A Reuters correspondent in Grozny said yesterday that several hundred fighters entered the city for the first time since March. Russian helicopter gunships retaliated by flying in waves over Grozny, but the battles were reported to be easing by evening.

The renewed fighting appears to have killed the peace process. Since Mr Yandarbiyev and Aslan Maskhadov, a Chechen commander previously regarded by Moscow as a moderate, had given their blessing to the assault on Grozny, no further talks with them were possible, Russian leaders said. They were like "international terrorists", said Sergei Stepa-shin, secretary of Russia's State Commission on Chechnya.
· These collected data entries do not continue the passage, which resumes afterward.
(* Let $L'$ be a finite $0$-distributive lattice with exactly $n$ atoms. Then there exists a blow-up $L^B$ of the Boolean lattice $L\cong\mathbf{2}^n$ such that the zero-divisor graphs $G(L')$ and $G(L^B)$ are isomorphic (indeed the chain replacing an element of $L$ has as many elements as the corresponding $\sim$-class of $L'$).
   Context: A lattice $M$ with $0$ is $0$-distributive if $a\wedge b=0$ and $a\wedge c=0$ imply $a\wedge(b\vee c)=0$. For a lattice $M$ with $0$, $a^{\perp}=\{b: a\wedge b=0\}$, $x\sim y$ iff $x^\perp=y^\perp$, $[x]$ is the class of $x$, and $[M]$ is the set of classes ordered by $[a]\le[b]$ iff $b^{\perp}\subseteq a^{\perp}$. The zero-divisor graph $G(M)$ has as vertices the nonzero $a\in M$ with $a\wedge b=0$ for some nonzero $b$, distinct $a,b$ adjacent iff $a\wedge b=0$. Blow-up: for $L\cong\mathbf{2}^n$, replace each $a\in L\setminus\{0,1\}$ by a finite chain $C_a$: $a=a^1\lessdot\cdots\lessdot a^{k_a}$, keep $0,1$; elements in one chain are ordered along it, and for $u\in C_a,v\in C_b$ with $a\ne b$ ($C_0=\{0\},C_1=\{1\}$), $u\le v$ iff $a<b$ in $L$. *)

From HB Require Import structures.
From mathcomp Require Import all_boot all_order.
Set Implicit Arguments. Unset Strict Implicit. Unset Printing Implicit Defensive.
Import Order.TTheory.
Local Open Scope order_scope.

Section LatticeDefs.
Context {d : Order.disp_t} {L : finTBLatticeType d}.

Definition perp (a b : L) : bool := a `&` b == \bot.

Definition zero_distributive : Prop :=
  forall a b c : L, perp a b -> perp a c -> perp a (b `|` c).

Definition is_atom (a : L) : bool :=
  (a != \bot) && [forall b : L, (\bot < b) && (b <= a) ==> (b == a)].

Definition sim (x y : L) : bool := [forall z : L, perp x z == perp y z].

Definition cls_le (x y : L) : Prop := forall z : L, perp y z -> perp x z.

Definition cls (x : L) : {set L} := [set y | sim x y].

Definition zd_vertex (a : L) : Prop := a != \bot /\ exists b : L, b != \bot /\ perp a b.
Definition zd_adj (a b : L) : Prop := a <> b /\ perp a b.
End LatticeDefs.

(* ---------- Blow-up of the Boolean lattice 2^n = {set 'I_n} ----------
   k A is the length of the chain C_A replacing A (for A <> 0,1).
   The element A^(i+1) of C_A is encoded as (A, i) with i < k A;
   0 = (set0, 0), 1 = (setT, 0). *)
Definition bu_valid (n : nat) (k : {set 'I_n} -> nat) (p : {set 'I_n} * nat) : bool :=
  if (p.1 == set0) || (p.1 == setT) then p.2 == 0 else (p.2 < k p.1)%N.

Definition blowup (n : nat) (k : {set 'I_n} -> nat) := {p | bu_valid k p}.

Section BlowupDefs.
Variables (n : nat) (k : {set 'I_n} -> nat).

Definition bu_le (u v : blowup k) : Prop :=
  ((val u).1 = (val v).1 /\ ((val u).2 <= (val v).2)%N)
  \/ ((val u).1 \proper (val v).1).

Definition bu_is_zero (u : blowup k) : Prop := (val u).1 = set0.

Definition bu_perp (u v : blowup k) : Prop :=
  forall z : blowup k, bu_le z u -> bu_le z v -> bu_is_zero z.

Definition bu_vertex (u : blowup k) : Prop :=
  ~ bu_is_zero u /\ exists v : blowup k, ~ bu_is_zero v /\ bu_perp u v.
Definition bu_adj (u v : blowup k) : Prop := u <> v /\ bu_perp u v.
End BlowupDefs.

From HB Require Import structures.
From mathcomp Require Import all_boot all_order.
From Stdlib Require Import ProofIrrelevance.
Import Order.TTheory.
Set Implicit Arguments. Unset Strict Implicit. Unset Printing Implicit Defensive.

(* Send x to its support, the set of atoms below it.  Since every nonzero
   element lies above an atom, x /\ y = 0 exactly when the supports are
   disjoint, hence x ~ y exactly when the supports agree; and 0-distributivity
   makes an atom a orthogonal to any join of atoms other than a, so every set of
   atoms is a support.  Thus [L'] ~= 2^n.  In a blow-up, u /\ v = 0 exactly when
   the underlying elements of 2^n are disjoint (otherwise the bottom of the chain
   over their meet is a nonzero common lower bound), so listing each class [x]
   along the chain C_[x] is an isomorphism of zero-divisor graphs. *)

Section SigBijection.
Variables (A B : Type) (P : A -> Prop) (Q : B -> Prop) (f : A -> B) (g : B -> A).
Hypotheses (fP : forall a, P a -> Q (f a)) (gP : forall b, Q b -> P (g b)).
Hypotheses (fK : forall a, P a -> g (f a) = a) (gK : forall b, Q b -> f (g b) = b).

Definition sig_map (x : sig P) : sig Q :=
  exist Q (f (proj1_sig x)) (fP (proj2_sig x)).

Lemma sig_map_bij : bijective sig_map.
Proof.
exists (fun y => exist P (g (proj1_sig y)) (gP (proj2_sig y))) => [[a Pa]|[b Qb]] /=.
  exact/ProofIrrelevanceTheory.subset_eq_compat/fK.
exact/ProofIrrelevanceTheory.subset_eq_compat/gK.
Qed.

End SigBijection.

Section Fibres.
Variables (T : finType) (U : eqType) (p : T -> U).

Definition fibre (A : U) : seq T := enum [set y | p y == A].
Definition fibre_rank (x : T) : nat := index x (fibre (p x)).

Lemma mem_fibre A y : (y \in fibre A) = (p y == A).
Proof. by rewrite mem_enum inE. Qed.

Lemma size_fibre A : size (fibre A) = #|[set y | p y == A]|.
Proof. by rewrite cardE. Qed.

Lemma fibre_rank_lt x : fibre_rank x < size (fibre (p x)).
Proof. by rewrite index_mem mem_fibre. Qed.

Lemma nth_fibre_rank x0 x : nth x0 (fibre (p x)) (fibre_rank x) = x.
Proof. by rewrite nth_index // mem_fibre. Qed.

Lemma fibre_nth x0 A i : i < size (fibre A) -> p (nth x0 (fibre A) i) = A.
Proof. by move=> lt_i; apply/eqP; rewrite -mem_fibre mem_nth. Qed.

Lemma fibre_rank_nth x0 A i :
  i < size (fibre A) -> fibre_rank (nth x0 (fibre A) i) = i.
Proof. by move=> lt_i; rewrite /fibre_rank fibre_nth // index_uniq ?enum_uniq. Qed.

End Fibres.

Section Blowup.
Variables (n : nat) (k : {set 'I_n} -> nat).

Lemma bu_validE (A : {set 'I_n}) i :
  A != set0 -> A != setT -> bu_valid k (A, i) = (i < k A).
Proof. by move=> /negbTE A0 /negbTE AT; rewrite /bu_valid /= A0 AT. Qed.

Lemma bu_le_sub (u v : blowup k) : bu_le u v -> (val u).1 \subset (val v).1.
Proof. by case=> [[-> _]|/proper_sub]. Qed.

Lemma bu_top_valid : bu_valid k (setT, 0).
Proof. by rewrite /bu_valid eqxx orbT. Qed.

Definition bu_top : blowup k := exist _ (setT, 0) bu_top_valid.

Hypothesis k_gt0 : forall A : {set 'I_n}, A != set0 -> A != setT -> 0 < k A.

Lemma bu_base_valid (A : {set 'I_n}) : bu_valid k (A, 0).
Proof. by rewrite /bu_valid /=; case: ifP => // /norP[A0 AT]; apply: k_gt0. Qed.

Definition bu_base (A : {set 'I_n}) : blowup k := exist _ (A, 0) (bu_base_valid A).

Lemma bu_base_le (A : {set 'I_n}) (u : blowup k) :
  A \subset (val u).1 -> bu_le (bu_base A) u.
Proof. by rewrite subEproper => /predU1P[eqA | ltA]; [left | right]. Qed.

Lemma bu_perpP (u v : blowup k) :
  reflect (bu_perp u v) ((val u).1 :&: (val v).1 == set0).
Proof.
apply: (iffP eqP) => [disj z /bu_le_sub zu /bu_le_sub zv | perp_uv].
  by apply/eqP; rewrite -subset0 -disj subsetI zu zv.
by apply: (perp_uv (bu_base _)); apply: bu_base_le; rewrite ?subsetIl ?subsetIr.
Qed.

Lemma bu_vertexP (u : blowup k) :
  bu_vertex u <-> (val u).1 != set0 /\ (val u).1 != setT.
Proof.
split=> [[/eqP u_nz [v [v_nz /bu_perpP uv_disj]]] | [u_nz u_nT]].
  split=> //; apply/eqP => uT; apply: v_nz.
  by move: uv_disj; rewrite uT setTI => /eqP.
split; first exact/eqP.
exists (bu_base (~: (val u).1)); split; last by apply/bu_perpP; rewrite setICr.
rewrite /bu_is_zero /= => comp0; apply: (negP u_nT).
by rewrite -[_.1]setCK comp0 setC0.
Qed.

End Blowup.

Local Open Scope order_scope.

Section AtomSupport.
Context {d : Order.disp_t} {L : finTBLatticeType d}.
Implicit Types x y : L.

Lemma perpC x y : perp x y = perp y x.
Proof. by rewrite /perp meetC. Qed.

(* A nonzero element below x with the fewest strict lower bounds is an atom. *)
Lemma exists_atom_le x : x != \bot -> exists2 a, is_atom a & a <= x.
Proof.
move=> x_nz; pose down (b : L) := #|[set y | y < b]|.
have [a /andP[a_nz a_le_x] a_min] :=
  arg_minnP down (P := fun b => (b != \bot) && (b <= x))
    (introT andP (conj x_nz (lexx x))).
exists a => //; rewrite /is_atom a_nz; apply/forallP => b; apply/implyP.
case/andP=> b_gt0 b_le_a; apply: contraT => b_ne_a.
have b_lt_a : b < a by rewrite lt_neqAle b_ne_a.
have down_lt : (down b < down a)%N.
  apply: proper_card; apply/properP; split; last by exists b; rewrite !inE ?ltxx.
  by apply/subsetP => y; rewrite !inE => /lt_trans; apply.
by move: down_lt; rewrite ltnNge a_min // -lt0x b_gt0 (le_trans b_le_a).
Qed.

Definition atoms : {set L} := [set a | is_atom a].
Definition atom_of (i : 'I_#|atoms|) : L := enum_val i.
Definition atom_support x : {set 'I_#|atoms|} := [set i | atom_of i <= x].

Lemma atom_ofP i : is_atom (atom_of i).
Proof. by have := enum_valP i; rewrite inE. Qed.

Lemma atom_of_nz i : atom_of i != \bot.
Proof. by case/andP: (atom_ofP i). Qed.

Lemma atom_of_onto a : is_atom a -> exists i, atom_of i = a.
Proof.
move=> a_atom; have a_in : a \in atoms by rewrite inE.
by exists (enum_rank_in a_in a); rewrite /atom_of enum_rankK_in.
Qed.

Lemma atom_of_le i j : atom_of i <= atom_of j -> i = j.
Proof.
case/andP: (atom_ofP j) => _ /forallP/(_ (atom_of i)) atom_j le_ij.
apply: enum_val_inj; apply/eqP; apply: (implyP atom_j).
by rewrite le_ij lt0x atom_of_nz.
Qed.

Lemma atom_support1 i : atom_support (atom_of i) = [set i].
Proof.
by apply/setP => j; rewrite !inE; apply/idP/eqP => [/atom_of_le | ->].
Qed.

Lemma exists_atom_support x : x != \bot -> exists i, i \in atom_support x.
Proof.
move=> /exists_atom_le[a /atom_of_onto[i <-] le_ix].
by exists i; rewrite inE.
Qed.

Lemma atom_support_eq0 x : (atom_support x == set0) = (x == \bot).
Proof.
apply/idP/eqP => [/eqP supp0 | ->].
  by apply: contraTeq isT => /exists_atom_support[i]; rewrite supp0 inE.
by apply/eqP/setP => i; rewrite !inE lex0 (negbTE (atom_of_nz i)).
Qed.

Lemma atom_support_meet x y :
  atom_support (x `&` y) = atom_support x :&: atom_support y.
Proof. by apply/setP => i; rewrite !inE lexI. Qed.

Lemma perp_supportE x y :
  perp x y = (atom_support x :&: atom_support y == set0).
Proof. by rewrite -atom_support_meet atom_support_eq0. Qed.

Lemma perp_atom_of i x : perp (atom_of i) x = (i \notin atom_support x).
Proof. by rewrite perp_supportE atom_support1 setI_eq0 disjoints1. Qed.

Lemma simP x y : reflect (atom_support x = atom_support y) (sim x y).
Proof.
apply: (iffP forallP) => [sim_xy | supp_xy z]; last first.
  by rewrite !perp_supportE supp_xy.
apply/setP => i; have /eqP := sim_xy (atom_of i).
by rewrite ![perp _ (atom_of i)]perpC !perp_atom_of => /negb_inj.
Qed.

Lemma cls_le_subset x y : cls_le x y <-> atom_support x \subset atom_support y.
Proof.
split=> [le_xy | sub_xy z]; last first.
  by rewrite !perp_supportE -!subset0; apply: subset_trans; apply: setSI.
apply/subsetP => i; apply: contraLR; rewrite -!perp_atom_of ![perp (atom_of i) _]perpC.
exact: le_xy.
Qed.

Lemma cls_supportE x : cls x = [set y | atom_support y == atom_support x].
Proof. by apply/setP => y; rewrite !inE; apply/simP/eqP. Qed.

Lemma zd_vertexE x :
  zd_vertex x <-> atom_support x != set0 /\ atom_support x != setT.
Proof.
rewrite /zd_vertex atom_support_eq0.
split=> [[x_nz [y [y_nz perp_xy]]] | [x_nz x_nT]].
  split=> //; apply: contraNneq y_nz => xT.
  by move: perp_xy; rewrite perp_supportE xT setTI atom_support_eq0.
have /subsetPn[i _ i_notin] : ~~ (setT \subset atom_support x) by rewrite subTset.
split=> //; exists (atom_of i).
by rewrite atom_of_nz perpC perp_atom_of.
Qed.

Hypothesis zero_distr : zero_distributive (L := L).

Lemma atom_support_join (A : {set 'I_#|atoms|}) :
  atom_support (\join_(i in A) atom_of i) = A.
Proof.
apply/setP => j; rewrite inE; apply/idP/idP => [le_j | j_in]; last first.
  exact: joins_sup.
apply: contraLR le_j => j_notin.
have : perp (atom_of j) (\join_(i in A) atom_of i).
  apply: (big_ind (perp (atom_of j))) => [|x y|i i_in].
  - by rewrite /perp meetx0.
  - exact: zero_distr.
  - by rewrite perp_atom_of atom_support1 inE; apply: contraNneq j_notin => ->.
by rewrite perp_atom_of inE.
Qed.

Lemma atom_support_onto (A : {set 'I_#|atoms|}) : exists x, atom_support x = A.
Proof. by exists (\join_(i in A) atom_of i); apply: atom_support_join. Qed.

End AtomSupport.

Section GraphIsomorphism.
Context {d : Order.disp_t} {L : finTBLatticeType d}.
Hypothesis zero_distr : zero_distributive (L := L).

Definition class_size (A : {set 'I_#|atoms (L := L)|}) : nat :=
  size (fibre atom_support A).

Definition zd_to_bu (x : L) : blowup class_size :=
  insubd (bu_top class_size) (atom_support x, fibre_rank atom_support x).

Definition bu_to_zd (u : blowup class_size) : L :=
  nth \bot (fibre atom_support (val u).1) (val u).2.

Lemma class_size_gt0 A : (0 < class_size A)%N.
Proof.
have [x <-] := atom_support_onto zero_distr A.
by rewrite /class_size size_fibre card_gt0; apply/set0Pn; exists x; rewrite inE.
Qed.

Let class_size_pos A (_ : A != set0) (_ : A != setT) := class_size_gt0 A.

Lemma val_zd_to_bu x :
  zd_vertex x -> val (zd_to_bu x) = (atom_support x, fibre_rank atom_support x).
Proof.
case/zd_vertexE => x_nz x_nT; apply: insubdK.
by rewrite -[_ \in _]/(bu_valid _ _) bu_validE // fibre_rank_lt.
Qed.

Lemma bu_to_zd_rank (u : blowup class_size) :
  bu_vertex u -> ((val u).2 < class_size (val u).1)%N.
Proof.
case/(bu_vertexP class_size_pos) => u_nz u_nT.
by rewrite -(bu_validE class_size) // -surjective_pairing; apply: valP.
Qed.

Lemma atom_support_bu_to_zd (u : blowup class_size) :
  bu_vertex u -> atom_support (bu_to_zd u) = (val u).1.
Proof. by move/bu_to_zd_rank; apply: fibre_nth. Qed.

Lemma zd_to_bu_vertex x : zd_vertex x -> bu_vertex (zd_to_bu x).
Proof.
move=> vx; apply/(bu_vertexP class_size_pos).
by rewrite val_zd_to_bu //; apply/zd_vertexE.
Qed.

Lemma bu_to_zd_vertex (u : blowup class_size) :
  bu_vertex u -> zd_vertex (bu_to_zd u).
Proof.
move=> vu; apply/zd_vertexE.
by rewrite atom_support_bu_to_zd //; apply/(bu_vertexP class_size_pos).
Qed.

Lemma zd_to_buK x : zd_vertex x -> bu_to_zd (zd_to_bu x) = x.
Proof. by move=> vx; rewrite /bu_to_zd val_zd_to_bu // nth_fibre_rank. Qed.

Lemma bu_to_zdK (u : blowup class_size) :
  bu_vertex u -> zd_to_bu (bu_to_zd u) = u.
Proof.
move=> vu; apply: val_inj; rewrite val_zd_to_bu; last exact: bu_to_zd_vertex.
rewrite atom_support_bu_to_zd // fibre_rank_nth ?bu_to_zd_rank //.
exact/esym/surjective_pairing.
Qed.

Lemma zd_adj_bu x y :
  zd_vertex x -> zd_vertex y -> zd_adj x y <-> bu_adj (zd_to_bu x) (zd_to_bu y).
Proof.
move=> vx vy; rewrite /zd_adj /bu_adj perp_supportE.
split=> [[ne_xy disj] | [ne_xy /(bu_perpP class_size_pos) disj]]; split.
- by apply: contra_not ne_xy => /(congr1 bu_to_zd); rewrite !zd_to_buK.
- by apply/(bu_perpP class_size_pos); rewrite !val_zd_to_bu.
- by apply: contra_not ne_xy => ->.
- by move: disj; rewrite !val_zd_to_bu.
Qed.

End GraphIsomorphism.

Close Scope order_scope.

Theorem mainTheorem4 (d : Order.disp_t) (L : finTBLatticeType d) (n : nat) :
  zero_distributive (L := L) ->
  #|[set a : L | is_atom a]| = n ->
  exists k : {set 'I_n} -> nat,
    (forall A : {set 'I_n}, A != set0 -> A != setT -> 0 < k A) /\
    (exists f : {x : L | zd_vertex x} -> {u : blowup k | bu_vertex u},
        bijective f /\
        forall x y : {x : L | zd_vertex x}, zd_adj (proj1_sig x) (proj1_sig y) <-> bu_adj (proj1_sig (f x)) (proj1_sig (f y))) /\
    (exists phi : L -> {set 'I_n},
        (forall x y : L, phi x = phi y <-> sim x y) /\
        (forall A : {set 'I_n}, exists x : L, phi x = A) /\
        (forall x y : L, phi x \subset phi y <-> cls_le x y) /\
        (forall x : L, phi x != set0 -> phi x != setT ->
                       k (phi x) = #|cls x|)).
Proof.
move=> zero_distr <-; exists (class_size (L := L)); split.
  by move=> A _ _; apply: class_size_gt0.
split.
  exists (sig_map (zd_to_bu_vertex zero_distr)); split.
    exact: sig_map_bij (bu_to_zd_vertex zero_distr) zd_to_buK
                       (bu_to_zdK zero_distr).
  by move=> [x vx] [y vy]; apply: zd_adj_bu.
exists atom_support; split; first by move=> x y; split=> /simP.
split; first exact: atom_support_onto.
split; first by move=> x y; apply: iff_sym; apply: cls_le_subset.
by move=> x _ _; rewrite /class_size size_fibre cls_supportE.
Qed.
For his part, Mr Maskhadov said: "Those who want to end this war should understand the option of force should be dropped, that the road of peace outlined in the Moscow and Nazran agreements [the pre-election deals] is the only way."

The renewed conflict was a blow for Mr Yeltsin, whose aides say he is exhausted after the election campaign although not suffering any recurrence of the heart problem which dogged him last year. In addition to the problems in Chechnya, he also has to worry about Russia's army of unpaid workers, whose wage arrears he promised to settle when he needed their votes, and who are now demanding their money.

Most vocal are the miners, whose leaders threatened to stage a nationwide strike at the end of August - the onset of autumn in Russia - if they did not receive backpay worth 1.7 trillion roubles (pounds 220m).

Communist leader Gennady Zyuganov, defeated by Mr Yeltsin at the polls, has accused the Kremlin chief of reneging on all his election promises and bringing the country to the brink of chaos.

However, the signs are that the state Duma (parliament), dominated by the leftist and nationalist opposition, will accept the President's suggestion that Mr Chernomyrdin stays on as Prime Minister, perhaps in exchange for a few minor government portfolios for the Communists.

The new cabinet will be announced after Mr Yeltsin's inauguration on Friday, in preparation for which he has ended his working holiday at the sanatorium at Barvikha, and returned to the capital. An elaborate ceremony, complete with the rendering of a specially commissioned inauguration ode, had been planned. But in view of Mr Yeltsin's weariness and the general political situation, the occasion looks likely to be toned down.

Anatoly Chubais, new head of the President's administration, said: "Yeltsin's inauguration should avoid monstrous bombast at this far from glittering time in Russian history."